Upon reaching the line containing "rewrite cardsX cardsT card_bool muln2 -mul2n.", output that line and all remaining lines exactly, through the end of the entries, and output nothing before it.

◆ **Records from a data collection**:

*** Begin section ***

Lemma vsum_oddw_evenwN a n :
  veq (vsum n (fun k => vscale (q ^ ((2 * k)%:Z - n%:Z))
                          (star q (vword F (oddw a k)) (vword F (evenw (~~ a) (n - k))))))
      (vscale ((q + q^-1) ^+ n) (vcat (vword F [:: a]) (P n))).
Proof.
move=> w; rewrite coef_vsum_star coef_vscale.
rewrite (sum_exprz_convsum _ (fun i j => shcoef q (oddw a j) (evenw (~~ a) i) w)) //.
exact: (eo_oe_sum_mixed q_neq0 n a w).2.
Qed.

End ShuffleSums.

Lemma qint2 (F : fieldType) (q : F) : q != 0 -> q ^+ 2 != 1 -> qint q 2 = q + q^-1.
Proof.
move=> q_neq0 q2_neq1; rewrite /qint -exprnN -exprnP; field.
by rewrite q_neq0 subr_eq0 -expr2.
Qed.

Theorem proposition12p5 (F : fieldType) (q : F)
  (hq0 : q != 0) (hq : forall m : nat, (0 < m)%N -> q ^+ m != 1) (n : nat) :
  let e1 k := q ^ ((2 * k)%:Z - n%:Z) in   (* q^{2k-n} *)
  let e2 k := q ^ (n%:Z - (2 * k)%:Z) in   (* q^{n-2k} *)
  let c := qint q 2 ^+ n in                (* [2]_q^n *)
  let P := vpow (xyyx F) n in              (* (xy+yx)^n *)
  (* first line *)
  veq (vsum n (fun k => vscale (e1 k) (star q (vword F (Gw (n - k))) (vword F (Wneg k)))))
      (vsum n (fun k => vscale (e2 k) (star q (vword F (Wneg k)) (vword F (Gw (n - k)))))) /\
  veq (vsum n (fun k => vscale (e2 k) (star q (vword F (Wneg k)) (vword F (Gw (n - k))))))
      (vscale c (vcat P (vword F [:: lx]))) /\
  (* second line *)
  veq (vsum n (fun k => vscale (e2 k) (star q (vword F (Gw (n - k))) (vword F (Wpos k)))))
      (vsum n (fun k => vscale (e1 k) (star q (vword F (Wpos k)) (vword F (Gw (n - k)))))) /\
  veq (vsum n (fun k => vscale (e1 k) (star q (vword F (Wpos k)) (vword F (Gw (n - k))))))
      (vscale c (vcat (vword F [:: ly]) P)) /\
  (* third line *)
  veq (vsum n (fun k => vscale (e2 k) (star q (vword F (Gtw (n - k))) (vword F (Wneg k)))))
      (vsum n (fun k => vscale (e1 k) (star q (vword F (Wneg k)) (vword F (Gtw (n - k)))))) /\
  veq (vsum n (fun k => vscale (e1 k) (star q (vword F (Wneg k)) (vword F (Gtw (n - k))))))
      (vscale c (vcat (vword F [:: lx]) P)) /\
  (* fourth line *)
  veq (vsum n (fun k => vscale (e1 k) (star q (vword F (Gtw (n - k))) (vword F (Wpos k)))))
      (vsum n (fun k => vscale (e2 k) (star q (vword F (Wpos k)) (vword F (Gtw (n - k)))))) /\
  veq (vsum n (fun k => vscale (e2 k) (star q (vword F (Wpos k)) (vword F (Gtw (n - k))))))
      (vscale c (vcat P (vword F [:: ly]))).
Proof.
move=> e1 e2 c P; rewrite {}/c qint2 ?hq //.
have EO := vsum_evenw_oddw hq0; have OE := vsum_oddw_evenw hq0.
have EON := vsum_evenwN_oddw hq0; have OEN := vsum_oddw_evenwN hq0.
do !split; move=> w.
- by rewrite (EO lx n w) (OE lx n w).
- exact: (OE lx n w).
- by rewrite (EON ly n w) (OEN ly n w).
- exact: (OEN ly n w).
- by rewrite (EON lx n w) (OEN lx n w).
- exact: (OEN lx n w).
- by rewrite (EO ly n w) (OE ly n w).
- exact: (OE ly n w).
Qed.
Lemma exists_inj_in (I J : finType) (A : {set I}) (B : {set J}) (b0 : J) :
  #|A| <= #|B| -> exists2 f : I -> J, {in A &, injective f} & {in A, forall i, f i \in B}.
Proof.
move=> leAB; have lt_index i : i \in A -> index i (enum A) < size (enum B).
  by move=> Ai; rewrite -cardE (leq_trans _ leAB) // cardE index_mem mem_enum.
exists (fun i => nth b0 (enum B) (index i (enum A))) => [i j Ai Aj /eqP|i Ai].
  rewrite nth_uniq ?enum_uniq ?lt_index // => /eqP.
  by apply: (index_inj i); rewrite mem_enum.
by rewrite -mem_enum mem_nth ?lt_index.
Qed.

(* The pairing of the k-median local search analysis (Arya et al.): every optimal
   centre [o] is matched with a centre of [S] that captures no optimal centre other
   than [o], and no centre of [S] is used more than twice. *)
Section SwapPairing.
Variables (I J : finType) (O : {set I}) (S : {set J}) (near : I -> J).
Hypothesis near_in : {in O, forall o, near o \in S}.
Hypothesis card_O : #|O| <= #|S|.

Local Notation captured s := #|[set o in O | near o == s]|.
Local Notation shared := [set o in O | captured (near o) != 1].
Local Notation unused := [set s in S | captured s == 0].

Lemma card_shared : #|shared| <= #|setX unused [set: bool]|.
Proof.
rewrite cardsX cardsT card_bool muln2 -mul2n.
have cardO : #|O| = \sum_(s in S) captured s * 1.
  by rewrite -sum1_card (sum_comp_fiber (fun=> 1) near_in).
have cardS : #|S| = \sum_(s in S) 1 by rewrite sum1_card.
rewrite !card_set_in_sum (sum_comp_fiber (fun s => captured s != 1 : nat) near_in).
have : \sum_(s in S) (captured s * (captured s != 1) + 2 * 1)
       <= \sum_(s in S) (2 * (captured s == 0) + 2 * (captured s * 1)).
  by apply: leq_sum => s _; case: (captured s) => [|[|c]] /=; lia.
rewrite !big_split /= -!big_distrr /= -cardO -cardS big1_eq; lia.
Qed.

Variable f : I -> J * bool.
Hypothesis f_inj : {in shared &, injective f}.
Hypothesis f_unused : {in shared, forall o, f o \in setX unused [set: bool]}.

*** End section ***

◆ **Your response**:
rewrite cardsX cardsT card_bool muln2 -mul2n.
have cardO : #|O| = \sum_(s in S) captured s * 1.
  by rewrite -sum1_card (sum_comp_fiber (fun=> 1) near_in).
have cardS : #|S| = \sum_(s in S) 1 by rewrite sum1_card.
rewrite !card_set_in_sum (sum_comp_fiber (fun s => captured s != 1 : nat) near_in).
have : \sum_(s in S) (captured s * (captured s != 1) + 2 * 1)
       <= \sum_(s in S) (2 * (captured s == 0) + 2 * (captured s * 1)).
  by apply: leq_sum => s _; case: (captured s) => [|[|c]] /=; lia.
rewrite !big_split /= -!big_distrr /= -cardO -cardS big1_eq; lia.
Qed.

Variable f : I -> J * bool.
Hypothesis f_inj : {in shared &, injective f}.
Hypothesis f_unused : {in shared, forall o, f o \in setX unused [set: bool]}.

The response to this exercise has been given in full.